(Problem to solve) Go over the entries and report the lines where the word "element" occurs.

(Data extract)
Definition weight (n : nat) (W : mat n n) : Prop :=
  trmat W = W /\ mmul W W = idmat n.

Definition iip (n : nat) (W : mat n n) (x y : vec n) : R := dot x (mvmul W y).

(* indefinite products B o C := B W C, W the weight of the inner space R^p *)
Definition imul (m p q : nat) (W : mat p p) (B : mat m p) (C : mat p q) : mat m q :=
  mmul (mmul B W) C.
Definition imulv (m p : nat) (W : mat p p) (B : mat m p) (x : vec p) : vec m :=
  mvmul (mmul B W) x.

Definition iadj (p q : nat) (Wp : mat p p) (Wq : mat q q) (B : mat p q) : mat q p :=
  mmul (mmul Wq (trmat B)) Wp.

(* X is the indefinite Moore-Penrose inverse of A (A in R^{m x n},
   weights M of R^m and N of R^n) : the four Penrose-type equations. *)
Definition is_imp (m n : nat) (M : mat m m) (N : mat n n) (A : mat m n) (X : mat n m) : Prop :=
  [/\ imul M (imul N A X) A = A,
      imul N (imul M X A) X = X,
      iadj M M (imul N A X) = imul N A X
    & iadj N N (imul M X A) = imul M X A].

Definition vset (p : nat) := vec p -> Prop.

Definition is_cone (p : nat) (S : vset p) : Prop :=
  (exists x, S x) /\
  (forall x y, S x -> S y -> S (fun i => x i + y i)) /\
  (forall a x, 0 <= a -> S x -> S (fun i => a * x i)).

(* closed in the Euclidean topology of R^p (written with the equivalent
   max-norm balls): every point all of whose neighbourhoods meet S is in S *)
Definition is_closed (p : nat) (S : vset p) : Prop :=
  forall x, (forall eps, 0 < eps -> exists y, S y /\ forall i, Rabs (x i - y i) < eps) ->
            S x.

Definition idual (p : nat) (W : mat p p) (S : vset p) : vset p :=
  fun x => forall t, S t -> 0 <= iip W x t.

Definition iimage (p q : nat) (W : mat q q) (B : mat p q) (S : vset q) : vset p :=
  fun y => exists s, S s /\ y = imulv W B s.

Definition irange (p q : nat) (W : mat q q) (B : mat p q) : vset p :=
  fun y => exists x, y = imulv W B x.

Definition vinter (p : nat) (S T : vset p) : vset p := fun x => S x /\ T x.
Definition vsubset (p : nat) (S T : vset p) : Prop := forall x, S x -> T x.

Definition acute (p : nat) (W : mat p p) (C : vset p) : Prop :=
  forall x y, C x -> C y -> 0 <= iip W x y.

(* Write X for A^[†]; since N^2 = I, the set A∘I∘K is the ordinary image A K.
   If x lies in D := (A K)^[*] ∩ R(A), then x = A X x because A X A = A.
   Should z := X x lie outside the closed cone K, the point of K nearest to z
   yields a functional w >= 0 on K with <w, z> < 0.  Since X A K ⊆ K and
   R(M X^T) ⊆ R(A), the vector u := M X^T w lies in D, and [x, u] = <z, w> < 0
   contradicts acuteness.  Conversely every element of D pairs nonnegatively
   with every element of A K, so D ⊆ A K forces D to be acute. *)

From HB Require Import structures.
From Stdlib Require Import Reals Lra FunctionalExtensionality Classical ClassicalEpsilon.
From mathcomp Require Import ssreflect ssrfun ssrbool eqtype ssrnat seq fintype bigop.

Set Implicit Arguments. Unset Strict Implicit.
Local Open Scope R_scope.

HB.instance Definition _ := Monoid.isComLaw.Build R R0 Rplus
  (fun x y z => esym (Rplus_assoc x y z)) Rplus_comm Rplus_0_l.

Section FiniteSums.
Variable n : nat.
Implicit Types F G : 'I_n -> R.

Lemma rsum_ext F G : F =1 G -> rsum F = rsum G.
Proof. by move=> FG; apply: eq_bigr => i _. Qed.

Lemma rsumD F G : rsum (fun i => F i + G i) = rsum F + rsum G.
Proof. exact: big_split. Qed.

Lemma rsumZ c F : rsum (fun i => c * F i) = c * rsum F.
Proof. by symmetry; apply: (big_morph (fun x => c * x)) => [x y|]; ring. Qed.

Lemma rsum_ge0 F : (forall i, 0 <= F i) -> 0 <= rsum F.
Proof.
move=> F_ge0; apply: (big_ind (fun x => 0 <= x)) => //; first exact: Rle_refl.
by move=> x y; lra.
Qed.

Lemma rsum_ge_term F j : (forall i, 0 <= F i) -> F j <= rsum F.
Proof.
move=> F_ge0; rewrite /rsum (bigD1 j) //= -{1}(Rplus_0_r (F j)).
apply: Rplus_le_compat_l; apply: (big_ind (fun x => 0 <= x)) => //.
  exact: Rle_refl.
by move=> x y; lra.
Qed.

Lemma rsum_delta (i : 'I_n) F : rsum (fun k => (if i == k then 1 else 0) * F k) = F i.
Proof.
rewrite /rsum (bigD1 i) //= eqxx big1 /=; first by ring.
by move=> k /negbTE; rewrite eq_sym => ->; ring.
Qed.

End FiniteSums.

Lemma rsum_swap n p (F : 'I_n -> 'I_p -> R) :
  rsum (fun i => rsum (F i)) = rsum (fun j => rsum (fun i => F i j)).
Proof. exact: exchange_big. Qed.

Lemma cv_const c : Un_cv (fun _ : nat => c) c.
Proof. by move=> eps eps_gt0; exists 0%nat => j _; rewrite /R_dist Rminus_diag Rabs_R0. Qed.

Lemma cv_rsum n (F : nat -> 'I_n -> R) (L : 'I_n -> R) :
  (forall i, Un_cv (fun j => F j i) (L i)) -> Un_cv (fun j => rsum (F j)) (rsum L).
Proof.
elim: n F L => [|n IH] F L FL.
  rewrite /rsum big_ord0; apply: (Un_cv_ext (fun _ => 0)); last exact: cv_const.
  by move=> j; rewrite big_ord0.
rewrite /rsum big_ord_recr /=.
apply: (Un_cv_ext (fun j => rsum (fun i : 'I_n => F j (widen_ord (leqnSn n) i)) + F j ord_max)).
  by move=> j; rewrite /rsum big_ord_recr.
by apply: CV_plus; [apply: IH => i; apply: FL | apply: FL].
Qed.

Lemma mmulA a b c d (B : mat a b) (C : mat b c) (D : mat c d) :
  mmul (mmul B C) D = mmul B (mmul C D).
Proof.
do 2!apply: functional_extensionality => ?; rewrite /mmul.
under rsum_ext => k do rewrite Rmult_comm -rsumZ.
rewrite rsum_swap; apply: rsum_ext => l; rewrite -rsumZ; apply: rsum_ext => k /=; ring.
Qed.

Lemma mvmul_mmul a b c (B : mat a b) (C : mat b c) (v : vec c) :
  mvmul (mmul B C) v = mvmul B (mvmul C v).
Proof.
apply: functional_extensionality => ?; rewrite /mvmul /mmul.
under rsum_ext => k do rewrite Rmult_comm -rsumZ.
rewrite rsum_swap; apply: rsum_ext => l; rewrite -rsumZ; apply: rsum_ext => k /=; ring.
Qed.

Lemma trmat_mmul a b c (B : mat a b) (C : mat b c) :
  trmat (mmul B C) = mmul (trmat C) (trmat B).
Proof.
do 2!apply: functional_extensionality => ?.
by rewrite /trmat /mmul; apply: rsum_ext => k; ring.
Qed.

Lemma mmul1l a b (B : mat a b) : mmul (idmat a) B = B.
Proof. by do 2!apply: functional_extensionality => ?; rewrite /mmul rsum_delta. Qed.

(Solution for this task)
   contradicts acuteness.  Conversely every element of D pairs nonnegatively
   with every element of A K, so D ⊆ A K forces D to be acute. *)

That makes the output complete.